## TASK TO CARRY OUT
Every line below that holds the string "would" should be copied.

## SUPPLIED DATA

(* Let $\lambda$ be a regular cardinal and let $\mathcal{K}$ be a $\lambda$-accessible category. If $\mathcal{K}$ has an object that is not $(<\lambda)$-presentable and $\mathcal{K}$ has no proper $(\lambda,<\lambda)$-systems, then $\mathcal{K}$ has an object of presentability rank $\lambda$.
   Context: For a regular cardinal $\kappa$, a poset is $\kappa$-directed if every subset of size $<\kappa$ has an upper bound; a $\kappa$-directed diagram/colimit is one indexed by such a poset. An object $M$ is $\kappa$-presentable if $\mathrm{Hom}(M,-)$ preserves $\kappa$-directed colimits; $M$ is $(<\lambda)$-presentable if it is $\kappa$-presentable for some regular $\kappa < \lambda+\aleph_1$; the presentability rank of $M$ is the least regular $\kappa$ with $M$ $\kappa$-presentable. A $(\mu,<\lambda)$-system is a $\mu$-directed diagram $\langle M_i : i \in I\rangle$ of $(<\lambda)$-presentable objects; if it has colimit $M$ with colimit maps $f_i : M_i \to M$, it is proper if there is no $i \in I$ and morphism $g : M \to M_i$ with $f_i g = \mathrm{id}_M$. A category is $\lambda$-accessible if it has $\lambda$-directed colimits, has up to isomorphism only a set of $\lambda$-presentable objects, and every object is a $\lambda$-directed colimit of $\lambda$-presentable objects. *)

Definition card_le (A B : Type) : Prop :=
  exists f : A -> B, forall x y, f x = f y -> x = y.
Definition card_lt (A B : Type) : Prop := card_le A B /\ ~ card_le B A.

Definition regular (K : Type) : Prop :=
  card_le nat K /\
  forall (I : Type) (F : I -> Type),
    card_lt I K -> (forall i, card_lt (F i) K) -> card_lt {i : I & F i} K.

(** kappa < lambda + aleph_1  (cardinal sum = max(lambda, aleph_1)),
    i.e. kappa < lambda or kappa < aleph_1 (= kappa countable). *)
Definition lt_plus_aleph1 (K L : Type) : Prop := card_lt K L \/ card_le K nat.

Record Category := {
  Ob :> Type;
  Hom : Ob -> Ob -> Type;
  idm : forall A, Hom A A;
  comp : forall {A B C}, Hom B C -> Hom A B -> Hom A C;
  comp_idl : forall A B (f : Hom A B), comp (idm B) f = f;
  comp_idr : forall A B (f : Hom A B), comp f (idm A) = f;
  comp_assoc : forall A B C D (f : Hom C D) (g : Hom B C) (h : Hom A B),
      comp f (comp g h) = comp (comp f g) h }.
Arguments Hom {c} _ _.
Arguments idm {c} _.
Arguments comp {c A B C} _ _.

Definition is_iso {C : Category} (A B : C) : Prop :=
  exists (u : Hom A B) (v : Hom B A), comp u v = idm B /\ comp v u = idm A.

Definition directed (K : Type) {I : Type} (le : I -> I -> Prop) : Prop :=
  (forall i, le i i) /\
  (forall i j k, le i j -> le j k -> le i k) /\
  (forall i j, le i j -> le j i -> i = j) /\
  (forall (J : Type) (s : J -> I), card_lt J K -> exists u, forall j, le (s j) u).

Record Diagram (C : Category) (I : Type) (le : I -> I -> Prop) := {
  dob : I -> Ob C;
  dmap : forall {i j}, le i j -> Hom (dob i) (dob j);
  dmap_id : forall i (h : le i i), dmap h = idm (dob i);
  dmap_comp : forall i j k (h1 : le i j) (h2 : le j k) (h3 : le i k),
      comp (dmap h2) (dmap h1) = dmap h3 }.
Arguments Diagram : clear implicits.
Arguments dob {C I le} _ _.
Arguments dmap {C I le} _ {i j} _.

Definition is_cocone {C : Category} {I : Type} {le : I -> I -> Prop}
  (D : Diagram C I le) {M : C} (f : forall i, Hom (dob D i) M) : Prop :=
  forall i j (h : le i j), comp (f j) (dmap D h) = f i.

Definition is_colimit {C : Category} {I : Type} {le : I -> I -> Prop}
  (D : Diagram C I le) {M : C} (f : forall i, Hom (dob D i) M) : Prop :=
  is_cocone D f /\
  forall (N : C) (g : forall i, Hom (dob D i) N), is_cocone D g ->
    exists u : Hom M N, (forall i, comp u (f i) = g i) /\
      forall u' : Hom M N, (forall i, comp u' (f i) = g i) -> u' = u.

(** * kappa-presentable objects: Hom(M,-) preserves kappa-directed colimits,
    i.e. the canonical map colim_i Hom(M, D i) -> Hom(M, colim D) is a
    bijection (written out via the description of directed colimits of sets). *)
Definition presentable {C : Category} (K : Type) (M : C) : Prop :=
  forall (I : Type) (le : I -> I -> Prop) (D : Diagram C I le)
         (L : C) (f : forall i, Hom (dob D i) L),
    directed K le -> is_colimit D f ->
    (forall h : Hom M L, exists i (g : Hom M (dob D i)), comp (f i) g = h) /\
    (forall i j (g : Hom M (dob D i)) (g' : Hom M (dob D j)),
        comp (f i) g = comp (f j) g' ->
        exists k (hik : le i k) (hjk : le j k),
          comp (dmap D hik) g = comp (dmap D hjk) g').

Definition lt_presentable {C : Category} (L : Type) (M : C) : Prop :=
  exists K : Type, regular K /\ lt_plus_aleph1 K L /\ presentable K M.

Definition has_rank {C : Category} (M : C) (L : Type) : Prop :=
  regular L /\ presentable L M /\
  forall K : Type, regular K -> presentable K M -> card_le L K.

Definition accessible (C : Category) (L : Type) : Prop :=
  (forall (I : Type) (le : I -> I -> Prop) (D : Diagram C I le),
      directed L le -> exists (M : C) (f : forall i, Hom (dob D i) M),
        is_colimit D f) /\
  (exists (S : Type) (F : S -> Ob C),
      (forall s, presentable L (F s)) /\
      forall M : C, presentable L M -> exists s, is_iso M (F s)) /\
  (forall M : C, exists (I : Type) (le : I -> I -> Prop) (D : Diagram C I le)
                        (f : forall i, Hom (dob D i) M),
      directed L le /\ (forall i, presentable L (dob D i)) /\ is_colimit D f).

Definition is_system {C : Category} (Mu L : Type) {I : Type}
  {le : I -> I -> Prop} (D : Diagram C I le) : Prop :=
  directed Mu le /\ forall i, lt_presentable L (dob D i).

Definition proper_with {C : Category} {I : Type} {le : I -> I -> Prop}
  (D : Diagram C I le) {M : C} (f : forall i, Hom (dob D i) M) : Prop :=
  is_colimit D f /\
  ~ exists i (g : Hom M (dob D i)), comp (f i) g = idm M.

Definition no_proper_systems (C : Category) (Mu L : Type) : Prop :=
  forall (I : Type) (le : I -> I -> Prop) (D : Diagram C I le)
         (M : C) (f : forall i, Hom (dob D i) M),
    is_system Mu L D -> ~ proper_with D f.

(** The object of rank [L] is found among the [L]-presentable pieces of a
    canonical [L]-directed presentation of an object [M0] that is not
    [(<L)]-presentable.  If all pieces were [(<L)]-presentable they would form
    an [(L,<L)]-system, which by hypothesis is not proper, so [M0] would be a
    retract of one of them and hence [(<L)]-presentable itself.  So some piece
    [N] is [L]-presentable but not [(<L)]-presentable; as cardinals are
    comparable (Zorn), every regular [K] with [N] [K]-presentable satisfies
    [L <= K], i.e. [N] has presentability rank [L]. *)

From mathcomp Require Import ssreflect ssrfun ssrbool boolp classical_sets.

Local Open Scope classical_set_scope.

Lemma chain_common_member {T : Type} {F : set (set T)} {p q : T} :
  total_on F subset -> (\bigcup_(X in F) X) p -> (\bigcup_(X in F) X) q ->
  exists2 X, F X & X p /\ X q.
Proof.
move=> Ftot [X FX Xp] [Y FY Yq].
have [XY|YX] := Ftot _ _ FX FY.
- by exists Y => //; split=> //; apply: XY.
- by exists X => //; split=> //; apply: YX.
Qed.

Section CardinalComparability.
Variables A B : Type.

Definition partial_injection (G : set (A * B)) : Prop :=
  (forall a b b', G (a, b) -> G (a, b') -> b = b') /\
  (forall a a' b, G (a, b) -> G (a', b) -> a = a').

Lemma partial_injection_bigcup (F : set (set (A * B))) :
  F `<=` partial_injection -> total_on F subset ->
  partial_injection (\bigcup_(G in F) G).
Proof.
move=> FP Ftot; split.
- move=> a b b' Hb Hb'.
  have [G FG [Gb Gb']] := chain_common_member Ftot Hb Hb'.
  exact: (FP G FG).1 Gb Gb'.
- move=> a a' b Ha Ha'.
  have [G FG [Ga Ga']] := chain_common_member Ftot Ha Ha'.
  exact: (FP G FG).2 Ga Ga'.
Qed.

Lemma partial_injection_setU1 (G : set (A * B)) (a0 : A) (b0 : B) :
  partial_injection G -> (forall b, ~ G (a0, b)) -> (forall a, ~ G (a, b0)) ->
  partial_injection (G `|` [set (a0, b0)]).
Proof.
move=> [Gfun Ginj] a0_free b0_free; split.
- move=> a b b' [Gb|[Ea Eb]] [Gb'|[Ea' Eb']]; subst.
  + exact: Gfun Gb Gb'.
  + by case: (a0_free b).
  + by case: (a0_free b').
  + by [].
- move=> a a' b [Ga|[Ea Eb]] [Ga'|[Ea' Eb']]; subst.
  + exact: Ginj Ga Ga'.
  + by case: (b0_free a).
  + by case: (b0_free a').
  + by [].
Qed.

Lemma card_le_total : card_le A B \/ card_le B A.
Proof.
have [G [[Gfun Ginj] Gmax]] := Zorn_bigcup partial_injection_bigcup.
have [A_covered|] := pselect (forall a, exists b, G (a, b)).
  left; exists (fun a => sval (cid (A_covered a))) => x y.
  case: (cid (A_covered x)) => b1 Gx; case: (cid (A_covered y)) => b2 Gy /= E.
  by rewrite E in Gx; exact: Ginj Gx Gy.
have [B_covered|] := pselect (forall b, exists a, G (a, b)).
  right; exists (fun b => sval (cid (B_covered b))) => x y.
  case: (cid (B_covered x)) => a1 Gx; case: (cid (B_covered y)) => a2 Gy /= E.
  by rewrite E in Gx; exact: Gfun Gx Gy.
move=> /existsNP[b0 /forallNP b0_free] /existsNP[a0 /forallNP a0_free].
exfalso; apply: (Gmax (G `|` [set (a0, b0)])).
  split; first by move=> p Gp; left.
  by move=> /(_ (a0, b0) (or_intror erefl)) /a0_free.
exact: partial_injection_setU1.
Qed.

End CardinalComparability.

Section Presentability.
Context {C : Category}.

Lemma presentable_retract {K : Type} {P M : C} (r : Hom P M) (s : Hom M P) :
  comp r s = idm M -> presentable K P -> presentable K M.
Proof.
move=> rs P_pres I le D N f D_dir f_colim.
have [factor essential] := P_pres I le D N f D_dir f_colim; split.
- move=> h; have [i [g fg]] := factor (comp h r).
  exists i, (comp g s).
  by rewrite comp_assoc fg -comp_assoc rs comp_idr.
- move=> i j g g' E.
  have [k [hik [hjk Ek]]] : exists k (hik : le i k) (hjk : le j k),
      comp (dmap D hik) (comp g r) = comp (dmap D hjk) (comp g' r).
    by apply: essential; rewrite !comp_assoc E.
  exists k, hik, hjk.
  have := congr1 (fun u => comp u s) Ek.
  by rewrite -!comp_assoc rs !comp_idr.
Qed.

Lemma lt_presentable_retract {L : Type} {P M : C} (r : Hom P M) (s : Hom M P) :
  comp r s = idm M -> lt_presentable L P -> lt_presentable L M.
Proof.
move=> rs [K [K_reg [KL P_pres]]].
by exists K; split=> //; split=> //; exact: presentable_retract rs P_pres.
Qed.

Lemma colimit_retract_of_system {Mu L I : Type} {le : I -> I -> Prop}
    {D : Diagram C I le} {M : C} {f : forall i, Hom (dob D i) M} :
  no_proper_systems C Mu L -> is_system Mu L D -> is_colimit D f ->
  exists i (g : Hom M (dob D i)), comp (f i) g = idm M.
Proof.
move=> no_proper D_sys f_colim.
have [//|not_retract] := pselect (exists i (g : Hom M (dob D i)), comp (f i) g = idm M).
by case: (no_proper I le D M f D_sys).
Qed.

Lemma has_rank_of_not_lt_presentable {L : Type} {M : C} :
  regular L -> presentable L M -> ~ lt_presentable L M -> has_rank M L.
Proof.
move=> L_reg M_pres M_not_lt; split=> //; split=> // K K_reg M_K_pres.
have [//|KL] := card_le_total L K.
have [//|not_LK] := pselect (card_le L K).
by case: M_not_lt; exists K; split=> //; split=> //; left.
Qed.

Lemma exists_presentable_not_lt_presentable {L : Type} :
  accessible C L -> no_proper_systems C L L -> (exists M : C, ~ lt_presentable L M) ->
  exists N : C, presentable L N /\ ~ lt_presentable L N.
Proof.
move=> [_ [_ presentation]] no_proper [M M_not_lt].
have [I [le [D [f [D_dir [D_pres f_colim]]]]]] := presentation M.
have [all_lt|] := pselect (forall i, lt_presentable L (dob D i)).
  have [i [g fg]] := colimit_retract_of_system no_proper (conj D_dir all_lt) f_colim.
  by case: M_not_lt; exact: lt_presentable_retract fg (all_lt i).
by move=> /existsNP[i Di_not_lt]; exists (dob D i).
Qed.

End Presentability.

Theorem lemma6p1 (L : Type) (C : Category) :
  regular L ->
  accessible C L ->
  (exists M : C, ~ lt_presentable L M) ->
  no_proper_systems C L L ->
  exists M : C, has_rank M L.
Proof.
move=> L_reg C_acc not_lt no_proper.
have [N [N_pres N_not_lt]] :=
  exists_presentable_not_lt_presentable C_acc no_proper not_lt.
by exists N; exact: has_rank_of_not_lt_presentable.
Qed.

## SOLUTION
    [(<L)]-presentable.  If all pieces were [(<L)]-presentable they would form
    an [(L,<L)]-system, which by hypothesis is not proper, so [M0] would be a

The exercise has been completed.